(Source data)
BEGIN

(* Let $(E,\rho)$ be a weighted space and $(\psi_t)_{t\ge0}$ a family of maps $E\to E$, and set $P(t)f:=f\circ\psi_t$. Then $(P(t))_{t\ge0}$ is a generalized Feller semigroup on $\mathscr{B}^\rho(E)$ if and only if: (i) $\psi_0=\mathrm{Id}$; (ii) $\psi_{t_1}\circ\psi_{t_2}=\psi_{t_1+t_2}$ for all $t_1,t_2\ge0$; (iii) $\lim_{t\downarrow0}\psi_t(x)=x$ for all $x\in E$; (iv) for all $t\ge0$ and $R>0$ the restriction $\psi_t|_{K_R}:K_R\to E$ is continuous; (v) $C_t:=\sup_{x\in E}\rho(\psi_t(x))/\rho(x)<\infty$ for all $t\ge0$; (vi) there exist $\delta>0$ and $C>0$ with $C_t<C$ for all $0\le t<\delta$. Moreover, for such a generalized Feller semigroup, for all $t\ge0$ and $x\in E$, $$\sup\{|f(\psi_t(x))|: f\in C_b(E),\ |f|\le\rho\}=\rho(\psi_t(x)).$$
   Context: A weighted space is a pair $(E,\rho)$ where $E$ is a completely regular Hausdorff topological space and $\rho:E\to(0,\infty)$ is an admissible weight function, meaning that for every $R\ge 0$ the sublevel set $K_R:=\{x\in E:\rho(x)\le R\}$ is compact. For $f:E\to\mathbb{R}$ put $\|f\|_\rho:=\sup_{x\in E}|f(x)|/\rho(x)$; $\mathscr{B}^\rho(E)$ denotes the closure of $C_b(E)$ with respect to $\|\cdot\|_\rho$ inside $\{f:E\to\mathbb{R}:\|f\|_\rho<\infty\}$. A generalized Feller semigroup on $\mathscr{B}^\rho(E)$ is a family $(P(t))_{t\ge0}$ of bounded linear operators on $\mathscr{B}^\rho(E)$ such that (P1) $P(0)=\mathrm{Id}$; (P2) $P(t+s)=P(s)P(t)$ for all $s,t\ge0$; (P3) $\lim_{t\downarrow0}P(t)f(x)=f(x)$ for all $f\in\mathscr{B}^\rho(E)$, $x\in E$; (P4) there exist $\varepsilon>0$, $C<\infty$ with $\|P(t)\|_{L(\mathscr{B}^\rho(E))}\le C$ for all $t\in[0,\varepsilon]$; (P5) each $P(t)$ is a positive operator. *)

From HB Require Import structures.
From mathcomp Require Import all_boot all_order all_algebra.
From mathcomp Require Import all_classical all_reals all_analysis.
Set Implicit Arguments. Unset Strict Implicit. Unset Printing Implicit Defensive.
Import Order.TTheory GRing.Theory Num.Theory.
Import numFieldNormedType.Exports.
Local Open Scope classical_set_scope.
Local Open Scope ring_scope.

Section Weighted.
Context {R : realType} {E : topologicalType}.

Definition completely_regular_sp :=
  forall (a : E) (B : set E), closed B -> ~ B a ->
  exists f : E -> R, [/\ continuous f, f a = 0, (forall x, B x -> f x = 1)
                      & (forall x, 0 <= f x <= 1)].

Definition sublevel (rho : E -> R) (r : R) : set E := [set x | rho x <= r].

Definition admissible_weight (rho : E -> R) :=
  (forall x, 0 < rho x) /\ (forall r, 0 <= r -> compact (sublevel rho r)).

Definition weighted_space (rho : E -> R) :=
  [/\ completely_regular_sp, hausdorff_space E & admissible_weight rho].

Definition rho_norm (rho : E -> R) (f : E -> R) : \bar R :=
  ereal_sup [set (`|f x| / rho x)%:E | x in [set: E]].

Definition Cb (f : E -> R) :=
  continuous f /\ exists M : R, forall x, `|f x| <= M.

(* B^rho(E): closure of C_b(E) w.r.t. ||.||_rho inside {f : ||f||_rho < oo} *)
Definition Brho (rho : E -> R) (f : E -> R) :=
  (rho_norm rho f < +oo)%E /\
  forall eps : R, 0 < eps ->
    exists g, Cb g /\ (rho_norm rho (fun x => (f x - g x)%R) <= eps%:E)%E.

(* generalized Feller semigroup on B^rho(E); P t is only relevant for t >= 0 *)
Definition gen_Feller_semigroup (rho : E -> R)
  (P : R -> (E -> R) -> (E -> R)) :=
  [/\
      (forall t, 0 <= t -> forall f, Brho rho f -> Brho rho (P t f)),
      (forall t, 0 <= t -> forall (a b : R) f g, Brho rho f -> Brho rho g ->
          P t (fun x => (a * f x + b * g x)%R) = (fun x => (a * P t f x + b * P t g x)%R)),
      (forall t, 0 <= t -> exists M : R,
          forall f, Brho rho f -> (rho_norm rho (P t f) <= M%:E * rho_norm rho f)%E),
      (forall f, Brho rho f -> P 0 f = f) &
     [/\ (forall s t, 0 <= s -> 0 <= t -> forall f, Brho rho f ->
          P (t + s) f = P s (P t f)),
      (forall f, Brho rho f -> forall x,
          P t f x @[t --> 0^'+] --> f x),
      (exists (eps : R) (C : R), 0 < eps /\
          forall t, 0 <= t <= eps -> forall f, Brho rho f ->
            (rho_norm rho (P t f) <= C%:E * rho_norm rho f)%E) &
      (forall t, 0 <= t -> forall f, Brho rho f ->
          (forall x, 0 <= f x) -> forall x, 0 <= P t f x)]].
Lemma energy_ge0_on s : a <= s <= b -> 0 <= energy n u psi s.
Proof.
  intros Hs. rewrite energy_eq_plane_int by auto.
  apply plane_ge0; [simpl; tauto | auto |].
  intros r z Hr. simpl. unfold energy_coef.
  pose proof (pow2_ge_0 (u s r z)). pose proof (pow2_ge_0 (Dr psi s r z)).
  pose proof (pow2_ge_0 (Dz psi s r z)). simpl in *. nra.
Qed.

Lemma dissipation_rate_le0_on (nu1_ge0 : 0 <= nu1) (nu2_ge0 : 0 <= nu2) s : a <= s <= b ->
  - nu1 * grad_u_int n u s - nu2 * energy_coef n * lap_int n psi s <= 0.
Proof.
  intros Hs. rewrite grad_u_int_eq_plane_int, lap_int_eq_plane_int by auto.
  assert (H1 : 0 <= plane_int B n grad_u_sq s)
    by (apply plane_ge0; [simpl; tauto | auto | intros r z Hr; simpl; nra]).
  assert (H2 : 0 <= plane_int B n w_sq s)
    by (apply plane_ge0; [simpl; tauto | auto | intros r z Hr; simpl; nra]).
  assert (0 <= energy_coef n) by (unfold energy_coef; lra).
  pose proof (Rmult_le_pos _ _ nu2_ge0 H). nra.
Qed.

Lemma is_derive_plane_int_half_energy t : a < t < b ->
  is_derive (fun s => / 2 * plane_int B n (energy_density n) s) t
    (- nu1 * plane_int B n grad_u_sq t - nu2 * energy_coef n * plane_int B n w_sq t).
Proof.
  intros Ht.
  assert (Hbal : plane_int B n (dpoly_deriv dirT (energy_density n)) t
                 = 2 * plane_int B n (dissipation n nu1 nu2) t).
  { apply (plane_int_balance B T a b n fields_smooth fields_decay a_gt0 a_le_b b_lt_T n_range
             _ (radial_flux n nu1 nu2) (axial_flux n nu1 nu2)); simpl; try tauto; try lra.
    intros t' r z Ht' Hr. apply energy_density_balance; auto. lra. }
  replace (- nu1 * plane_int B n grad_u_sq t - nu2 * energy_coef n * plane_int B n w_sq t)
    with (/ 2 * plane_int B n (dpoly_deriv dirT (energy_density n)) t).
  - apply is_derive_scal, (is_derive_plane_t B T a b n fields_smooth fields_decay
                             a_gt0 a_le_b b_lt_T n_range); [simpl; tauto | auto].
  - rewrite Hbal. unfold dissipation.
    rewrite (plane_int_lin B T a b n fields_smooth fields_decay a_gt0 a_le_b b_lt_T n_range)
      by (simpl; tauto || lra).
    field.
Qed.

End Time_window.

Lemma is_derive_half_energy t : 0 < t < T ->
  is_derive (fun s => / 2 * energy n u psi s) t
    (- nu1 * grad_u_int n u t - nu2 * energy_coef n * lap_int n psi t).
Proof.
  intros Ht. set (a := t / 2). set (b := (t + T) / 2).
  assert (Ha : 0 < a) by (unfold a; lra). assert (Hb : b < T) by (unfold b; lra).
  assert (Hab : a < t < b) by (unfold a, b; lra).
  rewrite (grad_u_int_eq_plane_int a b), (lap_int_eq_plane_int a b) by lra.
  apply (is_derive_ext_loc (fun s => / 2 * plane_int B n (energy_density n) s)).
  - assert (Hd : 0 < Rmin (t - a) (b - t)) by (apply Rmin_pos; lra).
    exists (mkposreal _ Hd). intros s Hs.
    pose proof (Rabs_lt_Rmin_between s t a b Hab Hs).
    rewrite (energy_eq_plane_int a b) by lra. reflexivity.
  - apply (is_derive_plane_int_half_energy a b); lra.
Qed.
(* Let $D$ be a finite category and let $X:D \to \overline{\mathrm{Pro}}(\mathcal{C})$ be a diagram in the image of $j_D$. Then: \begin{enumerate} \item If $\mathcal{C}$ has finite limits, then the limit of $X$ in $\overline{\mathrm{Pro}}(\mathcal{C})$ can be computed levelwise. \item If $\mathcal{C}$ has finite colimits, then the colimit of $X$ in $\overline{\mathrm{Pro}}(\mathcal{C})$ can be computed levelwise. \end{enumerate}
   Context: $\overline{\mathrm{Pro}}(\mathcal{C})$ has objects diagrams $F:A\to\mathcal{C}$ with $A$ a cofinite directed poset of infinite height (poset as category with $u\to v$ iff $u\ge v$), and morphisms $F^A\to G^B$ the classes $[\alpha,\phi]$ of pairs with $\alpha:B\to A$ strictly increasing and $\phi:F\circ\alpha\to G$ natural, identified along chains of relations $(\alpha',\phi')\ge(\alpha,\phi)$ ($\alpha'\ge\alpha$ pointwise and $\phi'_b=\phi_b\circ F(\alpha'(b)\to\alpha(b))$). The natural functor $j_D:\overline{\mathrm{Pro}}(\mathcal{C}^D)\to\overline{\mathrm{Pro}}(\mathcal{C})^D$ sends $X:A\to\mathcal{C}^D$ (viewed as $A\times D\to\mathcal{C}$) to $d\mapsto X(-,d)$. ''Computed levelwise'' means: if $X=j_D(X')$ with $X':A\to\mathcal{C}^D$, then the limit (resp. colimit) of $X$ is the object $A\to\mathcal{C}$, $a\mapsto\lim_D X'(a)$ (resp. $\operatorname{colim}_D X'(a)$). *)

From Stdlib Require Import List Relations.

Record Cat := {
  ob : Type;
  hom : ob -> ob -> Type;
  heq : forall a b, hom a b -> hom a b -> Prop;
  cid : forall a, hom a a;
  cmp : forall a b c, hom b c -> hom a b -> hom a c }.
Arguments hom {_} _ _.
Arguments heq {_ _ _} _ _.
Arguments cid {_} _.
Arguments cmp {_ _ _ _} _ _.

Record IsCat (C : Cat) : Prop := {
  heq_refl : forall (a b : ob C) (f : hom a b), heq f f;
  heq_sym : forall (a b : ob C) (f g : hom a b), heq f g -> heq g f;
  heq_trans : forall (a b : ob C) (f g h : hom a b), heq f g -> heq g h -> heq f h;
  cmp_cong : forall (a b c : ob C) (f f' : hom b c) (g g' : hom a b),
      heq f f' -> heq g g' -> heq (cmp f g) (cmp f' g');
  cid_l : forall (a b : ob C) (f : hom a b), heq (cmp (cid b) f) f;
  cid_r : forall (a b : ob C) (f : hom a b), heq (cmp f (cid a)) f;
  cmp_assoc : forall (a b c d : ob C) (f : hom c d) (g : hom b c) (h : hom a b),
      heq (cmp f (cmp g h)) (cmp (cmp f g) h) }.

Arguments heq_refl {C} _ {a b} f.
Arguments heq_sym {C} _ {a b f g} _.
Arguments heq_trans {C} _ {a b f g h} _ _.
Arguments cmp_cong {C} _ {a b c f f' g g'} _ _.
Arguments cid_l {C} _ {a b} f.
Arguments cid_r {C} _ {a b} f.
Arguments cmp_assoc {C} _ {a b c d} f g h.

Definition FiniteCat (J : Cat) : Prop :=
  (exists l : list (ob J), forall a, In a l) /\
  (forall a b : ob J, exists l : list (hom a b),
      forall f : hom a b, exists g, In g l /\ heq f g).

Record Fun (J C : Cat) := {
  fob : ob J -> ob C;
  fmap : forall a b, hom a b -> hom (fob a) (fob b) }.
Arguments fob {_ _} _ _.
Arguments fmap {_ _} _ {_ _} _.

Record IsFun (J C : Cat) (F : Fun J C) : Prop := {
  fmap_cong : forall (a b : ob J) (f g : hom a b), heq f g -> heq (fmap F f) (fmap F g);
  fmap_id : forall a : ob J, heq (fmap F (cid a)) (cid (fob F a));
  fmap_cmp : forall (a b c : ob J) (f : hom b c) (g : hom a b),
      heq (fmap F (cmp f g)) (cmp (fmap F f) (fmap F g)) }.

Arguments IsFun {J C} F.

END

● **TASK DIRECTIONS**: Check each line of the entries for the string "Definition". Copy the lines that have it.

● **RESPONSE FOR THIS EXERCISE**:
Definition completely_regular_sp :=
Definition sublevel (rho : E -> R) (r : R) : set E := [set x | rho x <= r].
Definition admissible_weight (rho : E -> R) :=
Definition weighted_space (rho : E -> R) :=
Definition rho_norm (rho : E -> R) (f : E -> R) : \bar R :=
Definition Cb (f : E -> R) :=
Definition Brho (rho : E -> R) (f : E -> R) :=
Definition gen_Feller_semigroup (rho : E -> R)
Definition FiniteCat (J : Cat) : Prop :=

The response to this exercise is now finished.